New Delhi: Like every year, Prime Minister Narendra Modi paid tribute on Rani Laxmibai on her birth anniversary on Monday.


In such customary tweets, the Prime Minister makes it a point to pay tributes to towering personalities from history differently on every anniversary. In 2014, it was recalling John Lang, rarely remembered today.

The prime minister had gifted his former Australian counterpart Tony Abbott a copy of the petition filed by the gentleman in question in 2014.

John Lang, who?

John Lang was an Australian lawyer who represented Laxmibai in her legal battle against the East India Company in the case of annexation of her kingdom Jhansi.

 Lang was summoned by the queen after she heard that he had won a case for an Indian merchant against the Company.

Professor Amit Ranjan, who is ready with a book on Lang, describes him as a “curious character. A negotiator of this sub culture.”

"He fought cases only for the Indians against the British. As a journalist, he wrote against the British. He also published military gossip in his newspaper,” added Ranjan, who is also the recipient of the Fulbright Scholarship 2015-2016.

Lang, not only played an important role in Laxmibai’s battle against the British but also provided a first-hand account of her, her personality and her palace.

The unrest against the British was triggered by the doctrine of lapse — an annexation policy applied by Lord Dalhousie in India, which rejected adopted children as the rightful heir to the throne. 

Ranjan believes that involving Lang in her business was a mistake by Laxmibai as the government would not have let go a chance to defeat him.

Exactly what was feared, happened.
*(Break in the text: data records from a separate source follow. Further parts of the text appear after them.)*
Lemma dist_to_singular c a : Sing (X := space) flow a ->
  scale (level c) * Rmin (coord c) (1 - coord c) <= dX (Some c) a.
Proof.
  intros Hs; unfold pullback_dist.
  pose proof (coord_range c); pose proof (scale_pos (level c)).
  assert (Hmin : 0 <= Rmin (coord c) (1 - coord c) <= 1) by (apply Rmin_case; lra).
  assert (scale (level c) * Rmin (coord c) (1 - coord c) <= scale (level c)) by nra.
  destruct a as [c'|].
  - pose proof (coord_range c'); pose proof (scale_pos (level c')).
    destruct (lt_eq_lt_dec (level c) (level c')) as [[Hlt|Hl]|Hlt].
    + pose proof (embed_level_gap _ _ Hlt); rewrite Rabs_pos_eq; lra.
    + rewrite embed_same_level, Rabs_mult, Rabs_pos_eq by (assumption || lra).
      apply Rmult_le_compat_l; [lra|].
      destruct (proj1 (Sing_Some c') Hs) as [-> | ->];
        [rewrite Rminus_0_r, Rabs_pos_eq by lra; apply Rmin_l|].
      rewrite Rabs_minus_sym, Rabs_pos_eq by lra; apply Rmin_r.
    + pose proof (embed_level_gap _ _ Hlt).
      pose proof (scale_antitone _ _ (Nat.lt_le_incl _ _ Hlt)).
      rewrite Rabs_minus_sym, Rabs_pos_eq; lra.
  - change (embed None) with 0; pose proof (embed_cell_bounds c).
    rewrite Rminus_0_r, Rabs_pos_eq; lra.
Qed.

Lemma dX_flow_shift c b : 0 <= b ->
  dX (Some c) (flow b (Some c))
  <= (exp (b * scale (level c)) - 1) * (scale (level c) * Rmin (coord c) (1 - coord c)).
Proof.
  intros Hb; unfold pullback_dist; cbn [flow option_map].
  rewrite Rabs_minus_sym, embed_same_level by reflexivity; simpl.
  pose proof (scale_pos (level c)).
  rewrite Rabs_mult, (Rabs_pos_eq (scale _)) by lra.
  pose proof (logistic_shift_le _ (coord_range c) (b * scale (level c)) ltac:(nra)).
  nra.
Qed.

Lemma dX_flow_shift_dist_Sing c b : 0 <= b ->
  dX (Some c) (flow b (Some c))
  <= (exp (b * scale (level c)) - 1) * dist_set (X := space) (Some c) (Sing (X := space) flow).
Proof.
  intros Hb; eapply Rle_trans; [apply dX_flow_shift, Hb|].
  apply Rmult_le_compat_l.
  - pose proof (exp_ge_1_plus (b * scale (level c))); pose proof (scale_pos (level c)); nra.
  - apply (dist_set_ge space _ _ _ None Sing_None), dist_to_singular.
Qed.

Lemma regular_not_periodic c t t' : 0 < coord c < 1 ->
  flow t (Some c) = flow t' (Some c) -> t = t'.
Proof.
  intros Hc Heq; injection Heq as Heq.
  pose proof (scale_pos (level c)).
  destruct (logistic_eq_time _ (coord_range c) _ _ Heq) as [|[|Hts]]; [lra|lra|].
  apply Rmult_eq_reg_r in Hts; lra.
Qed.

Lemma flow_not_singular_expansive : ~ singular_expansive (X := space) flow.
Proof.
  intros Hse; destruct (Hse 1 ltac:(lra)) as [delta [Hdelta Hshadow]].
  destruct (scale_small (delta / 4) ltac:(lra)) as [n Hn].
  pose proof (scale_pos n); pose proof (scale_le n).
  set (c := Cell n (1/2) ltac:(lra)).
  destruct (Hshadow (Some c) (flow 2 (Some c)) (fun t => t)) as [t0 [u [Hu Heq]]].
  - split; [exact (derivable_continuous id derivable_id)|split; [auto|]].
    intros y; exists y; reflexivity.
  - intros t; rewrite <- flow_add, Rplus_comm, flow_add.
    change (flow t (Some c)) with (Some (cell_flow t c)).
    eapply Rle_trans; [apply dX_flow_shift_dist_Sing; lra|].
    apply Rmult_le_compat_r.
    + apply (dist_set_ge space _ _ _ None Sing_None); intros; apply pullback_dist_ge0.
    + pose proof (exp_sub1_le (2 * scale n) ltac:(lra)); simpl; lra.
  - rewrite <- flow_add in Heq; apply regular_not_periodic in Heq; simpl; lra.
Qed.

(** * Compact invariant sets *)

Lemma compact_dist_pos (X : MetricSpace) (K : X -> Prop) a :
  compact_set K -> ~ K a -> exists eta, 0 < eta /\ forall x, K x -> eta <= mdist X x a.
Proof.
  intros HK Ha.
  destruct (HK posreal (fun r x => r < mdist X x a)) as [l Hl].
  - intros r x Hx; exists (mdist X x a - r); split; [lra|]; intros y Hy.
    pose proof (mdist_tri X x y a); lra.
  - intros x Hx.
    assert (Hxa : 0 < mdist X x a).
    { destruct (mdist_ge0 X x a) as [|Heq]; [assumption|].
      symmetry in Heq; apply mdist_eq0 in Heq; subst; contradiction. }
    exists (mkposreal (mdist X x a / 2) ltac:(lra)); simpl; lra.
  - exists (fold_right Rmin 1 (map pos l)); split.
    + clear Hl; induction l as [|r l IH]; simpl; [lra|apply Rmin_pos; [apply cond_pos|exact IH]].
    + intros x Hx; destruct (Hl x Hx) as [r [Hr Hrx]]; left; eapply Rle_lt_trans; [|exact Hrx].
      clear Hl; induction l as [|r' l IH]; simpl in *; [contradiction|].
      destruct Hr as [<-|Hr]; [apply Rmin_l|eapply Rle_trans; [apply Rmin_r|auto]].
Qed.

Lemma expansive_on_empty (X : MetricSpace) (phi : R -> X -> X) (L : X -> Prop) :
  (forall x, ~ L x) -> expansive_on phi L.
Proof. intros Hempty eps _; exists 1; split; [lra|]; intros x y s Hx; destruct (Hempty x Hx). Qed.

Definition cell_bottom (n : nat) : cell := Cell n 0 (conj (Rle_refl 0) Rle_0_1).

Lemma flow_approaches_bottom c eta : 0 < eta -> coord c < 1 ->
  exists t, dX (flow t (Some c)) (Some (cell_bottom (level c))) < eta.
Proof.
  intros Heta Hc; pose proof (coord_range c); pose proof (scale_pos (level c)).
  pose proof (scale_le (level c)).
  set (a := ln (eta * (1 - coord c) / 2)).
  assert (Hpos : 0 < eta * (1 - coord c) / 2) by (apply Rdiv_lt_0_compat; nra).
  exists (a / scale (level c)); unfold pullback_dist; cbn [flow option_map].
  rewrite embed_same_level by reflexivity; simpl.
  replace (a / scale (level c) * scale (level c)) with a by (field; lra).
  pose proof (logistic_range _ (coord_range c) a).
  pose proof (logistic_le_exp _ (coord_range c) a Hc) as Hle.
  assert (Hexp : exp a = eta * (1 - coord c) / 2) by (apply exp_ln, Hpos).
  rewrite Hexp in Hle.
  replace (eta * (1 - coord c) / 2 / (1 - coord c)) with (eta / 2) in Hle by (field; lra).
  rewrite Rminus_0_r, Rabs_mult, !Rabs_pos_eq by lra; nra.
Qed.

Lemma compact_invariant_regular_empty (L : space -> Prop) :
  compact_set L -> invariant (X := space) flow L ->
  (forall x, L x -> ~ Sing (X := space) flow x) -> forall x, ~ L x.
Proof.
  intros Hc Hinv Hreg [c|] Hx; [|exact (Hreg _ Hx Sing_None)].
  set (b := Some (cell_bottom (level c)) : space).
  assert (Hb : ~ L b) by (intros Hb; apply (Hreg _ Hb), Sing_Some; left; reflexivity).
  destruct (compact_dist_pos space L b Hc Hb) as [eta [Heta Hfar]].
  assert (Hc1 : coord c < 1).
  { destruct (coord_range c) as [_ [Hlt|Heq]]; [exact Hlt|].
    destruct (Hreg _ Hx); apply Sing_Some; right; exact Heq. }
  destruct (flow_approaches_bottom c eta Heta Hc1) as [t Ht].
  specialize (Hfar _ (Hinv t _ Hx)).
  change (eta <= dX (flow t (Some c)) (Some (cell_bottom (level c)))) in Hfar; lra.
Qed.

Theorem mainTheorem16 :
  exists (X : MetricSpace) (phi : R -> X -> X),
    @compact_space X /\ is_flow phi /\ ~ singular_expansive phi /\
    (forall L : X -> Prop, compact_set L -> invariant phi L ->
       (forall x, L x -> ~ Sing phi x) -> expansive_on phi L).
Proof.
  exists space, flow; split; [exact space_compact|].
  split; [exact flow_is_flow|split; [exact flow_not_singular_expansive|]].
  intros L Hc Hinv Hreg; apply expansive_on_empty.
  exact (compact_invariant_regular_empty L Hc Hinv Hreg).
Qed.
The petition against the seizure of Jhansi was dismissed by the court within a week.

After this, we all know the story of Laxmibai’s sacrifice for saving her kingdom.
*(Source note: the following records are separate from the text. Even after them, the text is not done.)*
(* Let $S$ be a finite set of size $n$ and let $\mathcal{X}_{\mathrm{Ab}}=\{*:S\times S\to S\mid (S,* )\text{ is an abelian group}\}$. Then there exists a query-algorithm with respect to $\mathcal{X}_{\mathrm{Ab}}$ which solves product-recovering and uses at most $n$ queries for every $*\in\mathcal{X}_{\mathrm{Ab}}$ (i.e. every leaf has depth at most $n$).
   Context: Let $S$ be a finite set and $\mathcal{X}$ a set of binary operations $*:S\times S\to S$. A query-algorithm with respect to $\mathcal{X}$ is a rooted tree $T$ in which every non-leaf node $v$ is labeled by a pair $(x_v,y_v)\in S^2$ (the query ''$x_v*y_v$''), leaves are unlabeled, and every edge from $v$ to a child is labeled by an element of $S$ (a possible answer), distinct edges leaving the same node having distinct labels. It is required that for every $*\in\mathcal{X}$ there is a path $(v_0,\dots,v_k)$ from the root $v_0$ to a leaf $v_k$ such that for each $0\le i<k$ the edge $(v_i,v_{i+1})$ is labeled $x_{v_i}*y_{v_i}$. This leaf is uniquely determined and is denoted $L( * )$, giving a map $L:\mathcal{X}\to\{\text{leaves of }T\}$. The query-algorithm solves product-recovering if $L$ is a bijection. The number of queries used on $*$ is the depth of $L( * )$. *)

From mathcomp Require Import all_boot.
Set Implicit Arguments. Unset Strict Implicit. Unset Printing Implicit Defensive.

(* A non-leaf node is labeled by a
   query (x, y) and its outgoing edges are given by a partial function
   S -> option qtree: the child reached along the edge labeled a (if any).
   Distinct edges leaving a node automatically have distinct labels. *)
Inductive qtree (S : Type) : Type :=
| Leaf : qtree S
| Node : S -> S -> (S -> option (qtree S)) -> qtree S.
Arguments Leaf {S}.

(* Well-formedness: a labeled (non-leaf) node has at least one child
   (a node with no children is a leaf, hence unlabeled). *)
Fixpoint qwf (S : Type) (t : qtree S) : Prop :=
  match t with
  | Leaf => True
  | Node _ _ f =>
      (exists a, f a <> None) /\
      (forall a, match f a with Some t' => qwf t' | None => True end)
  end.

(* Leaves are identified by the sequence of edge labels from the root. *)
Fixpoint is_leaf_path (S : Type) (t : qtree S) (p : seq S) : Prop :=
  match t, p with
  | Leaf, [::] => True
  | Node _ _ f, a :: p' =>
      match f a with Some t' => is_leaf_path t' p' | None => False end
  | _, _ => False
  end.

Fixpoint follow (S : Type) (t : qtree S) (op : S -> S -> S) : option (seq S) :=
  match t with
  | Leaf => Some [::]
  | Node x y f =>
      match f (op x y) with
      | Some t' => omap (cons (op x y)) (follow t' op)
      | None => None
      end
  end.

(* The tree is a query-algorithm w.r.t. X solving product-recovering:
   every op in X reaches a leaf, and L : X -> leaves is a bijection. *)
Definition solves_product_recovering (S : Type) (X : (S -> S -> S) -> Prop)
    (t : qtree S) : Prop :=
  qwf t /\
  (forall op, X op -> exists p, follow t op = Some p) /\
  (forall op1 op2 p, X op1 -> X op2 ->
      follow t op1 = Some p -> follow t op2 = Some p -> op1 =2 op2) /\
  (forall p, is_leaf_path t p -> exists2 op, X op & follow t op = Some p).

Definition is_abelian_group (S : Type) (op : S -> S -> S) : Prop :=
  associative op /\ commutative op /\
  exists e : S, left_id e op /\ forall x, exists y, op y x = e.

From mathcomp Require Import all_boot.
From Stdlib Require Import ClassicalEpsilon.
Set Implicit Arguments. Unset Strict Implicit. Unset Printing Implicit Defensive.

(* The strategy builds up a set L of elements whose products are known.
   First it computes the powers x, x^2, ... of an arbitrary x until some
   power is already in L; then L = <x> and the last power is the unit e.
   Then, while L <> S, it picks y outside the subgroup H = L and enumerates
   the cosets yH, y^2H, ... by the queries h * y^j (h in H, h <> e) and
   y * y^j, until y^(i+1) falls back into L; then L = H<y> is a subgroup.
   Each query but the one closing a phase adds a new element to L, and each
   closing is paid for by the generator y entering L for free: at most |S|
   queries.  For correctness we run the strategy on two abelian groups op and
   op' answering identically and keep track of the products h * y^j on which
   op' is known to agree with op; whenever a phase closes, op and op' agree
   on the subgroup L ([agree_closed]), so they are equal once L = S. *)

Section QueryStrategy.
Variables (S St : Type) (query : St -> option (S * S)) (update : St -> S -> St).

Fixpoint strategy_tree (fuel : nat) (s : St) (C : (S -> S -> S) -> Prop) : qtree S :=
  match fuel with
  | 0 => Leaf
  | fuel'.+1 =>
    if query s is Some (x, y) then
      Node x y (fun a =>
        if excluded_middle_informative (exists op, C op /\ op x y = a)
        then Some (strategy_tree fuel' (update s a) (fun op => C op /\ op x y = a))
        else None)
    else Leaf
  end.

Fixpoint transcript (op : S -> S -> S) (fuel : nat) (s : St) : seq S :=
  match fuel with
  | 0 => [::]
  | fuel'.+1 =>
    if query s is Some (x, y) then op x y :: transcript op fuel' (update s (op x y))
    else [::]
  end.

Lemma transcript_cons op fuel s x y : query s = Some (x, y) ->
  transcript op fuel.+1 s = op x y :: transcript op fuel (update s (op x y)).
Proof. by move=> /= ->. Qed.

Lemma follow_strategy_tree fuel s C op :
  C op -> follow (strategy_tree fuel s C) op = Some (transcript op fuel s).
Proof.
elim: fuel s C => [|fuel IH] s C Cop //=.
case: (query s) => [[x y]|] //=.
destruct excluded_middle_informative as [found|none]; last by case: none; exists op.
by rewrite /= IH.
Qed.

(* Every labeled node has a child, since the restricted class stays nonempty. *)
Lemma strategy_tree_wf fuel s C : (exists op, C op) -> qwf (strategy_tree fuel s C).
Proof.
elim: fuel s C => [|fuel IH] s C [op Cop] //=.
case: (query s) => [[x y]|] //=; split.
  exists (op x y); destruct excluded_middle_informative as [found|none] => //.
  by case: none; exists op.
move=> a; destruct excluded_middle_informative as [[op' C'op']|none] => //.
by apply: IH; exists op'.
Qed.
Lang, who spent most of his years in Meerut and Mussoorie, learnt Hindustani, wrote about his meetings with Nana Sahib, Tantiya Tope and the nobility of Awadh and even edited the newspaper The Mofussilite.

Ranjan also said that he married an Anglo Indian girl and had a son, but no one has any account of what happened to them.

Lang, after spending 22 years in the country, died at the age of 48 in 1864.